Электронная библиотека книг » Иэн Расселл Макьюэн » Сластена » Текст книги (страница 8)
Сластена
  • Текст добавлен: 5 октября 2016, 04:13

Текст книги "Сластена"


Автор книги: Иэн Расселл Макьюэн



сообщить о нарушении

Текущая страница: 8 (всего у книги 22 страниц) [доступный отрывок для чтения: 9 страниц]

8

Устроившись в кресле поудобнее и поставив подле себя новую лампу, я взяла в руку закладку-фетиш. Рядом наготове лежал карандаш, точно я готовилась к семинару. Моя мечта сбылась – я изучала английскую литературу, а не математику. Материнские амбиции перестали надо мной тяготеть. На коленях лежала папка желто-оранжевого цвета со шнуровкой, с эмблемой королевской государственной канцелярии. Какая перемена! Какая честь принести домой папку. С первых же занятий в нас вбивали: папки с документами священны. Из папки не дозволено ничего изымать; папки не дозволено выносить из здания. Бенджамин проводил меня до главного входа, и на КПП его попросили раскрыть папку – удостовериться, что это не личное досье из канцелярии (хотя цвет совпадал). Он объяснил дежурному из подразделения П, что в папке – сведения общего характера. Но тем вечером мне было приятно думать о ней как о «досье Хейли».
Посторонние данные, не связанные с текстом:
(* Let $a,A$ be real numbers with $a+3>0$ and $$\frac{a+3}{2}=\frac{2}{A+3},$$ and let $b_1,\dots,b_N$, $B_1,\dots,B_N$ be real numbers with $$\sqrt{\frac{2}{a+3}}(b_n+3)=\sqrt{\frac{2}{A+3}}(B_n+3)\qquad(n=1,\dots,N).$$ Let $\eta,\mathcal{E},\lambda_1,\dots,\lambda_N$ be real, let $l,\ell$ be real with $l+\frac12=\frac{2}{A+3}\left(\ell+\frac12\right)$, and set $$E=-\eta\left(\frac{2}{A+3}\right)^2,\quad \xi=-\mathcal{E}\left(\frac{2}{A+3}\right)^2,\quad \mu_n=\left(\frac{2}{A+3}\right)^2\lambda_n .$$ If $u\in C^2((0,\infty))$ satisfies the radial equation of $U(r)=\xi r^{a+1}+\sum_{n=1}^N\mu_n r^{b_n+1}$, $$u''(r)+\left[E-\frac{l(l+1)}{r^2}-\xi r^{a+1}-\sum_{n=1}^N\mu_n r^{b_n+1}\right]u(r)=0,$$ then $v(\rho)=\rho^{-(A+1)/4}u\!\left(\rho^{(A+3)/2}\right)$ (coordinates $r=\rho^{(A+3)/2}$, $u(r)=\rho^{(A+1)/4}v(\rho)$) satisfies the radial equation of $V(\rho)=\eta\rho^{A+1}+\sum_{n=1}^N\lambda_n\rho^{B_n+1}$: $$v''(\rho)+\left[\mathcal{E}-\frac{\ell(\ell+1)}{\rho^2}-\eta\rho^{A+1}-\sum_{n=1}^N\lambda_n\rho^{B_n+1}\right]v(\rho)=0 .$$ In this sense $U$ and $V$ are quantum Newtonianly dual, bound-state eigenfunctions of $U$ (energy $E$, angular quantum number $l$) being transformed into eigenfunctions of $V$ (energy $\mathcal{E}$, angular quantum number $\ell$).
   Context: Three-dimensional radial equation (units $\hbar=2m=1$): $u''+\left[E-\frac{l(l+1)}{r^2}-W(r)\right]u=0$ for a central potential $W$, with $u(r)=rR(r)$. ''General polynomial potentials'' are finite linear combinations of powers $r^{c}$ with arbitrary real exponents $c$. *)

From Stdlib Require Import Reals.
From Coquelicot Require Import Coquelicot.
Open Scope R_scope.

(* sumN N f = f 0 + f 1 + ... + f (N-1)  (indices n = 1..N of the paper shifted to 0..N-1) *)
Fixpoint sumN (N : nat) (f : nat -> R) : R :=
  match N with
  | O => 0
  | S k => sumN k f + f k
  end.

Definition C2_pos (f : R -> R) : Prop :=
  forall r, 0 < r ->
    ex_derive f r /\ ex_derive (Derive f) r /\ continuous (Derive_n f 2) r.

(* Put r = rho^p and v(rho) = rho^q u(rho^p).  Two applications of the chain rule give
   v'' = rho^(q-2) (q(q-1) u + (2q+p-1) p r u' + p^2 r^2 u''),  evaluated at r = rho^p,
   and the choice q = (1-p)/2 kills the first-order term.  Eliminating u'' with the radial
   equation of u then yields a radial equation for v with angular coefficient
   q(q-1) + p^2 l(l+1) = ell(ell+1) (as l + 1/2 = (ell + 1/2)/p) and potential
   p^2 rho^(2p-2) (W(rho^p) - E).  Each monomial c r^(s+1) of W becomes p^2 c rho^(p(s+3)-2),
   so for p = (A+3)/2 the duality relations p(a+3) = 2 and p(b_n+3) = B_n+3 send the xi-term
   to the constant -calE, the energy E to eta rho^(A+1) and the mu_n-terms to lam_n rho^(B_n+1). *)

From Stdlib Require Import Reals Lra Lia.
From Coquelicot Require Import Coquelicot.
Open Scope R_scope.

Lemma Rpower_gt_0 (x c : R) : 0 < Rpower x c.
Proof. apply exp_pos. Qed.

Lemma Rpower_minus_1 (x c : R) : 0 < x -> Rpower x (c - 1) = Rpower x c / x.
Proof.
  intros hx; unfold Rminus, Rdiv.
  now rewrite Rpower_plus, Rpower_Ropp, Rpower_1.
Qed.

Lemma Rpower_minus_2 (x c : R) : 0 < x -> Rpower x (c - 2) = Rpower x c / x ^ 2.
Proof.
  intros hx; replace (c - 2) with (c - 1 - 1) by ring.
  rewrite !Rpower_minus_1 by exact hx; field; lra.
Qed.

Lemma is_derive_Rpower (c x : R) :
  0 < x -> is_derive (fun y => Rpower y c) x (c * Rpower x (c - 1)).
Proof. intros hx; apply is_derive_Reals, derivable_pt_lim_power, hx. Qed.

Lemma continuous_Rpower (c x : R) : 0 < x -> continuous (fun y => Rpower y c) x.
Proof.
  intros hx; apply (ex_derive_continuous (K := R_AbsRing) (V := R_NormedModule)).
  eexists; apply is_derive_Rpower, hx.
Qed.

(* Stated with [Rplus]/[Rmult] so that [apply] can match real-valued goals syntactically;
   Coquelicot's versions, phrased with [plus]/[mult], make unification unfold the reals. *)
Lemma continuous_Rplus (f g : R -> R) (x : R) :
  continuous f x -> continuous g x -> continuous (fun y => f y + g y) x.
Proof. apply (continuous_plus f g). Qed.

Lemma continuous_Rmult (f g : R -> R) (x : R) :
  continuous f x -> continuous g x -> continuous (fun y => f y * g y) x.
Proof. apply (continuous_mult f g). Qed.


Lemma locally_pos (x : R) : 0 < x -> locally x (fun y => 0 < y).
Proof. apply open_gt. Qed.

Definition power_subst (q p : R) (g : R -> R) : R -> R :=
  fun x => Rpower x q * g (Rpower x p).

Lemma is_derive_power_subst (q p : R) (g : R -> R) (x dg : R) :
  0 < x -> is_derive g (Rpower x p) dg ->
  is_derive (power_subst q p g) x
    (Rpower x (q - 1) * (q * g (Rpower x p) + p * Rpower x p * dg)).
Proof.
  intros hx hg.
  pose proof (is_derive_comp g _ x _ _ hg (is_derive_Rpower p x hx)) as hcomp.
  pose proof (is_derive_mult _ _ x _ _ (is_derive_Rpower q x hx) hcomp Rmult_comm) as hmul.
  replace (Rpower x (q - 1) * _) with (q * Rpower x (q - 1) * g (Rpower x p)
     + Rpower x q * (p * Rpower x (p - 1) * dg)); [exact hmul |].
  rewrite !Rpower_minus_1 by exact hx; field; lra.
Qed.

Lemma continuous_power_subst (q p : R) (g : R -> R) (x : R) :
  0 < x -> continuous g (Rpower x p) -> continuous (power_subst q p g) x.
Proof.
  intros hx hg.
  apply (continuous_Rmult (fun y => Rpower y q) (fun y => g (Rpower y p))).
  - apply continuous_Rpower, hx.
  - apply (continuous_comp (fun y => Rpower y p) g); [apply continuous_Rpower, hx | exact hg].
Qed.

Section PowerSubstC2.

Variables (q p : R) (u : R -> R).
Hypothesis hu : C2_pos u.

Definition power_subst_first (y : R) : R := q * u y + p * y * Derive u y.

Definition power_subst_second (y : R) : R :=
  q * (q - 1) * u y + (2 * q + p - 1) * p * y * Derive u y
  + p ^ 2 * y ^ 2 * Derive_n u 2 y.

Lemma Derive_power_subst (x : R) :
  0 < x -> Derive (power_subst q p u) x = power_subst (q - 1) p power_subst_first x.
Proof.
  intros hx; apply is_derive_unique, is_derive_power_subst; [exact hx |].
  apply Derive_correct, hu, Rpower_gt_0.
Qed.

Lemma locally_Derive_power_subst (x : R) : 0 < x ->
  locally x (fun y => Derive (power_subst q p u) y = power_subst (q - 1) p power_subst_first y).
Proof.
  intros hx; eapply filter_imp; [| apply locally_pos, hx]; exact Derive_power_subst.
Qed.

Lemma is_derive_power_subst_first (y : R) : 0 < y ->
  is_derive power_subst_first y ((q + p) * Derive u y + p * y * Derive (Derive u) y).
Proof.
  intros hy; destruct (hu y hy) as [hu1 [hu2 _]].
  pose proof (is_derive_plus _ _ y _ _
    (is_derive_scal u y q _ (Derive_correct u y hu1))
    (is_derive_mult (fun z => p * z) (Derive u) y _ _
       (is_derive_scal (fun z => z) y p _ (is_derive_id y))
       (Derive_correct _ y hu2) Rmult_comm)) as h.
  replace ((q + p) * _ + _) with
    (q * Derive u y + (p * one * Derive u y + p * y * Derive (Derive u) y));
    [exact h | unfold one; simpl; ring].
Qed.

Lemma is_derive_Derive_power_subst (x : R) : 0 < x ->
  is_derive (Derive (power_subst q p u)) x (power_subst (q - 2) p power_subst_second x).
Proof.
  intros hx.
  eapply is_derive_ext_loc.
  { eapply filter_imp; [| apply locally_Derive_power_subst, hx].
    intros y hy; symmetry; exact hy. }
  replace (power_subst (q - 2) p power_subst_second x) with
    (Rpower x (q - 1 - 1) * ((q - 1) * power_subst_first (Rpower x p)
       + p * Rpower x p * ((q + p) * Derive u (Rpower x p)
                           + p * Rpower x p * Derive (Derive u) (Rpower x p)))).
  { apply is_derive_power_subst; [exact hx |].
    apply is_derive_power_subst_first, Rpower_gt_0. }
  unfold power_subst, power_subst_second, power_subst_first.
  change (Derive_n u 2) with (Derive (Derive u)).
  replace (q - 1 - 1) with (q - 2) by ring; ring.
Qed.

Lemma Derive_n_power_subst (x : R) :
  0 < x -> Derive_n (power_subst q p u) 2 x = power_subst (q - 2) p power_subst_second x.
Proof. intros hx; apply is_derive_unique, is_derive_Derive_power_subst, hx. Qed.

Lemma continuous_power_subst_second (y : R) : 0 < y -> continuous power_subst_second y.
Proof.
  intros hy; destruct (hu y hy) as [hu1 [hu2 hu3]].
  pose proof (ex_derive_continuous (K := R_AbsRing) (V := R_NormedModule) u y hu1).
  pose proof (ex_derive_continuous (K := R_AbsRing) (V := R_NormedModule) _ y hu2).
  unfold power_subst_second.
  repeat first
    [ apply continuous_const
    | apply continuous_id
    | assumption
    | apply continuous_Rplus
    | apply continuous_Rmult ].
Qed.

Lemma C2_pos_power_subst : C2_pos (power_subst q p u).
Proof.
  intros x hx; split; [| split].
  - eexists; apply is_derive_power_subst; [exact hx |].
    apply Derive_correct, hu, Rpower_gt_0.
  - eexists; apply is_derive_Derive_power_subst, hx.
  - eapply continuous_ext_loc.
    { eapply filter_imp; [| apply locally_pos, hx].
      intros y hy; symmetry; apply Derive_n_power_subst, hy. }
    apply continuous_power_subst; [exact hx |].
    apply continuous_power_subst_second, Rpower_gt_0.
Qed.

End PowerSubstC2.

Definition radial_equation (E l : R) (W u : R -> R) : Prop :=
  forall r, 0 < r -> Derive_n u 2 r + (E - l * (l + 1) / r ^ 2 - W r) * u r = 0.

Lemma radial_equation_ext (E E' l : R) (W W' u : R -> R) :
  (forall r, 0 < r -> W r - E = W' r - E') ->
  radial_equation E l W u -> radial_equation E' l W' u.
Proof.
  intros hW hu r hr.
  replace (E' - l * (l + 1) / r ^ 2 - W' r) with (E - l * (l + 1) / r ^ 2 - W r)
    by (pose proof (hW r hr); lra).
  exact (hu r hr).
Qed.

Lemma Rpower_twice_minus_2 (x p : R) : 0 < x -> Rpower x (2 * p - 2) = Rpower x p ^ 2 / x ^ 2.
Proof.
  intros hx; rewrite Rpower_minus_2 by exact hx.
  replace (2 * p) with (p + p) by ring; rewrite Rpower_plus; simpl; field; lra.
Qed.

Lemma radial_equation_power_subst (p E l ell : R) (W u : R -> R) :
  p * (l + 1 / 2) = ell + 1 / 2 -> C2_pos u -> radial_equation E l W u ->
  radial_equation 0 ell (fun x => p ^ 2 * Rpower x (2 * p - 2) * (W (Rpower x p) - E))
    (power_subst ((1 - p) / 2) p u).
Proof.
  intros hl hu hequ x hx.
  set (X := Rpower x p).
  assert (hX : 0 < X) by apply Rpower_gt_0.
  assert (hu2 : Derive_n u 2 X = - (E - l * (l + 1) / X ^ 2 - W X) * u X)
    by (pose proof (hequ X hX); lra).
  rewrite Derive_n_power_subst, Rpower_twice_minus_2 by assumption.
  unfold power_subst, power_subst_second; fold X.
  rewrite hu2, Rpower_minus_2 by exact hx.
  replace ell with (p * l + p / 2 - 1 / 2) by lra.
  field; split; lra.
Qed.

Lemma sumN_mul_l (N : nat) (c : R) (f : nat -> R) :
  c * sumN N f = sumN N (fun n => c * f n).
Proof. induction N as [| N IH]; simpl; [ring | rewrite <- IH; ring]. Qed.

Lemma sumN_ext_lt (N : nat) (f g : nat -> R) :
  (forall n, (n < N)%nat -> f n = g n) -> sumN N f = sumN N g.
Proof.
  induction N as [| N IH]; intros hfg; simpl; [reflexivity |].
  rewrite IH, hfg; [reflexivity | lia | intros n hn; apply hfg; lia].
Qed.

Lemma dual_exponents (a A : R) :
  0 < a + 3 -> (a + 3) / 2 = 2 / (A + 3) -> 0 < A + 3 /\ (A + 3) / 2 * (a + 3) = 2.
Proof.
  intros ha haA.
  assert (hA0 : A + 3 <> 0).
  { intros h; rewrite h in haA; unfold Rdiv in haA; rewrite Rinv_0 in haA; lra. }
  assert (hprod : (A + 3) / 2 * (a + 3) = 2).
  { replace ((A + 3) / 2 * (a + 3)) with ((a + 3) / 2 * (A + 3)) by field.
    rewrite haA; field; exact hA0. }
  split; [| exact hprod].
  assert (0 < (A + 3) / 2) by (set (t := (A + 3) / 2) in *; nra); lra.
Qed.

Lemma sqrt_scaled_eq (p x y : R) : 0 < p -> sqrt p * x = sqrt (/ p) * y -> p * x = y.
Proof.
  intros hp h.
  rewrite sqrt_inv in h.
  pose proof (sqrt_lt_R0 p hp) as hs.
  pose proof (sqrt_sqrt p (Rlt_le _ _ hp)) as hss.
  rewrite <- hss, Rmult_assoc, h; field; lra.
Qed.

Lemma Rpower_dual_monomial (x p c : R) :
  0 < x -> Rpower x (2 * p - 2) * Rpower (Rpower x p) (c + 1) = Rpower x (p * (c + 3) - 2).
Proof.
  intros hx; rewrite Rpower_mult, <- Rpower_plus; f_equal; ring.
Qed.

Lemma dual_potential (N : nat) (p a : R) (b B lam : nat -> R) (eta calE x : R) :
  0 < p -> 0 < x -> p * (a + 3) = 2 ->
  (forall n, (n < N)%nat -> p * (b n + 3) = B n + 3) ->
  p ^ 2 * Rpower x (2 * p - 2) *
    (- calE * (/ p) ^ 2 * Rpower (Rpower x p) (a + 1)
     + sumN N (fun n => (/ p) ^ 2 * lam n * Rpower (Rpower x p) (b n + 1))
     - - eta * (/ p) ^ 2)
  = eta * Rpower x (2 * p - 2) + sumN N (fun n => lam n * Rpower x (B n + 1)) - calE.
Proof.
  intros hp hx hpa hpb.
  rewrite Rmult_minus_distr_l, Rmult_plus_distr_l, sumN_mul_l.
  rewrite (sumN_ext_lt N _ (fun n => lam n * Rpower x (B n + 1))).
  - replace (p ^ 2 * Rpower x (2 * p - 2) * (- calE * (/ p) ^ 2 * Rpower (Rpower x p) (a + 1)))
      with (- calE * (p * / p) ^ 2 * (Rpower x (2 * p - 2) * Rpower (Rpower x p) (a + 1)))
      by ring.
    rewrite Rpower_dual_monomial, hpa, Rminus_diag, Rpower_O by exact hx.
    field; lra.
  - intros n hn.
    replace (p ^ 2 * Rpower x (2 * p - 2) * ((/ p) ^ 2 * lam n * Rpower (Rpower x p) (b n + 1)))
      with (lam n * (p * / p) ^ 2 * (Rpower x (2 * p - 2) * Rpower (Rpower x p) (b n + 1)))
      by ring.
    rewrite Rpower_dual_monomial, hpb by assumption.
    replace (B n + 3 - 2) with (B n + 1) by ring.
    field; lra.
Qed.

Theorem mainTheorem5
  (a A : R) (N : nat) (b B lam : nat -> R)
  (eta calE l ell : R) (u : R -> R)
  (ha : 0 < a + 3)
  (haA : (a + 3) / 2 = 2 / (A + 3))
  (hbB : forall n, (n < N)%nat ->
           sqrt (2 / (a + 3)) * (b n + 3) = sqrt (2 / (A + 3)) * (B n + 3))
  (hl : l + 1/2 = 2 / (A + 3) * (ell + 1/2))
  (hu : C2_pos u)
  (hequ : forall r, 0 < r ->
     Derive_n u 2 r
     + ((- eta * (2 / (A + 3)) ^ 2) - l * (l + 1) / r ^ 2
        - (- calE * (2 / (A + 3)) ^ 2) * Rpower r (a + 1)
        - sumN N (fun n => ((2 / (A + 3)) ^ 2 * lam n) * Rpower r (b n + 1)))
       * u r = 0) :
  let v := fun rho => Rpower rho (- (A + 1) / 4) * u (Rpower rho ((A + 3) / 2)) in
  C2_pos v /\
  (forall rho, 0 < rho ->
     Derive_n v 2 rho
     + (calE - ell * (ell + 1) / rho ^ 2
        - eta * Rpower rho (A + 1)
        - sumN N (fun n => lam n * Rpower rho (B n + 1)))
       * v rho = 0).
Proof.
  intros v.
  destruct (dual_exponents a A ha haA) as [hA hpa].
  change v with (power_subst (- (A + 1) / 4) ((A + 3) / 2) u).
  set (p := (A + 3) / 2) in *.
  assert (hp : 0 < p) by (unfold p; lra).
  assert (hk : 2 / (A + 3) = / p) by (unfold p; field; lra).
  assert (hpb : forall n, (n < N)%nat -> p * (b n + 3) = B n + 3).
  { intros n hn; apply sqrt_scaled_eq; [exact hp |].
    rewrite <- hk, <- (hbB n hn); do 2 f_equal.
    rewrite <- hpa; field; lra. }
  assert (hell : p * (l + 1 / 2) = ell + 1 / 2) by (rewrite hl, hk; field; lra).
  assert (hu_rad : radial_equation (- eta * (/ p) ^ 2) l
    (fun r => - calE * (/ p) ^ 2 * Rpower r (a + 1)
              + sumN N (fun n => (/ p) ^ 2 * lam n * Rpower r (b n + 1))) u).
  { intros r hr; pose proof (hequ r hr) as h; rewrite hk in h; lra. }
  pose proof (radial_equation_power_subst p _ _ _ _ _ hell hu hu_rad) as hv.
  replace ((1 - p) / 2) with (- (A + 1) / 4) in hv by (unfold p; field).
  split; [apply C2_pos_power_subst, hu |].
  apply (radial_equation_ext _ calE _ _
           (fun x => eta * Rpower x (A + 1) + sumN N (fun n => lam n * Rpower x (B n + 1)))) in hv.
  - intros rho hr; pose proof (hv rho hr); lra.
  - intros x hx; rewrite Rminus_0_r, (dual_potential N p a b B) by assumption.
    replace (2 * p - 2) with (A + 1) by (unfold p; field); reflexivity.
Qed.
(* Let $V=\mathbb{R}^{16}$, with coordinates indexed by $(a,b,x,y)\in\{0,1\}^4$, and let $G$ be the relabeling group of the $(2,2,2)$ Bell scenario acting on $V$ (defined in the context). Define the subspaces $V_{\mathrm{NO}_1}=\operatorname{span}\{\vec Q_{++++}\}$, $V_{\mathrm{NO}_2}=\operatorname{span}\{\vec Q_{+++-},\vec Q_{++-+}\}$, $V_{\mathrm{NO}_3}=\operatorname{span}\{\vec Q_{++--}\}$, $V_{\mathrm{marg}}=\operatorname{span}\{\vec Q_{-+++},\vec Q_{-+-+},\vec Q_{+-++},\vec Q_{+-+-}\}$, $V_{\mathrm{corr}}=\operatorname{span}\{\vec Q_{--++},\vec Q_{--+-},\vec Q_{---+},\vec Q_{----}\}$, $V_{\mathrm{SI}}=\operatorname{span}\{\vec Q_{+--+},\vec Q_{+---},\vec Q_{-++-},\vec Q_{-+--}\}$. Then $V=V_{\mathrm{NO}_1}\oplus V_{\mathrm{NO}_2}\oplus V_{\mathrm{NO}_3}\oplus V_{\mathrm{marg}}\oplus V_{\mathrm{corr}}\oplus V_{\mathrm{SI}}$, these six subspaces are mutually orthogonal, each is $G$-invariant and is an irreducible representation of $G$, and the six representations are pairwise nonequivalent. Consequently this is the unique decomposition of $V$ into $G$-irreducible subspaces (the finest $G$-invariant decomposition), and for every $g\in G$ and $\vec P\in V$ the component of $g\vec P$ in each of these subspaces is $g$ applied to the component of $\vec P$ in that subspace.
   Context: For $i,j,k,l\in\{+1,-1\}$ (written $\pm$), $\vec Q_{ijkl}\in V$ is the vector with entries $Q_{ijkl}(ab|xy)=i^a j^b k^x l^y$. The relabeling group $G$ is the group of permutations of the index set $\{0,1\}^4$ (acting on $V$ by permuting coordinates, $(g\vec P)(g(a,b,x,y))=P(a,b,x,y)$) generated by: flipping Alice's outcome $a\mapsto 1-a$ only for indices with a given value of $x$ (for each $x\in\{0,1\}$); flipping Bob's outcome $b\mapsto 1-b$ only for indices with a given value of $y$; flipping Alice's setting $x\mapsto 1-x$; flipping Bob's setting $y\mapsto 1-y$; and exchanging the parties $(a,b,x,y)\mapsto(b,a,y,x)$. It is the wreath product $(\mathfrak S_2\wr\mathfrak S_2)\wr\mathfrak S_2$, of order 128. *)

From HB Require Import structures.
From mathcomp Require Import all_boot all_algebra all_fingroup.
From mathcomp Require Import mxrepresentation.
From mathcomp Require Import reals.
Set Implicit Arguments. Unset Strict Implicit. Unset Printing Implicit Defensive.
Import GRing.Theory Num.Theory.
Local Open Scope ring_scope.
Первые часы знакомства с его прозой оказались одними из самых счастливых за все время моей работы в МИ-5. Удовлетворены оказались все мои желания, кроме любовного, – я читала, я делала это во имя высшей цели, и это наполняло меня профессиональной гордостью. Вскоре я должна была познакомиться с автором. Испытывала ли я сомнения или нравственные колебания относительно всего замысла? Во всяком случае, не тогда. Мне было радостно думать, что задание поручили именно мне. Я полагала, что справлюсь. Я даже надеялась, что заслужу одобрение начальства с верхних этажей – а я любила похвалы. Спроси меня, и я бы принялась доказывать, что мы выполняем миссию тайного «совета по искусствам». Мы предлагали условия не хуже, чем у других.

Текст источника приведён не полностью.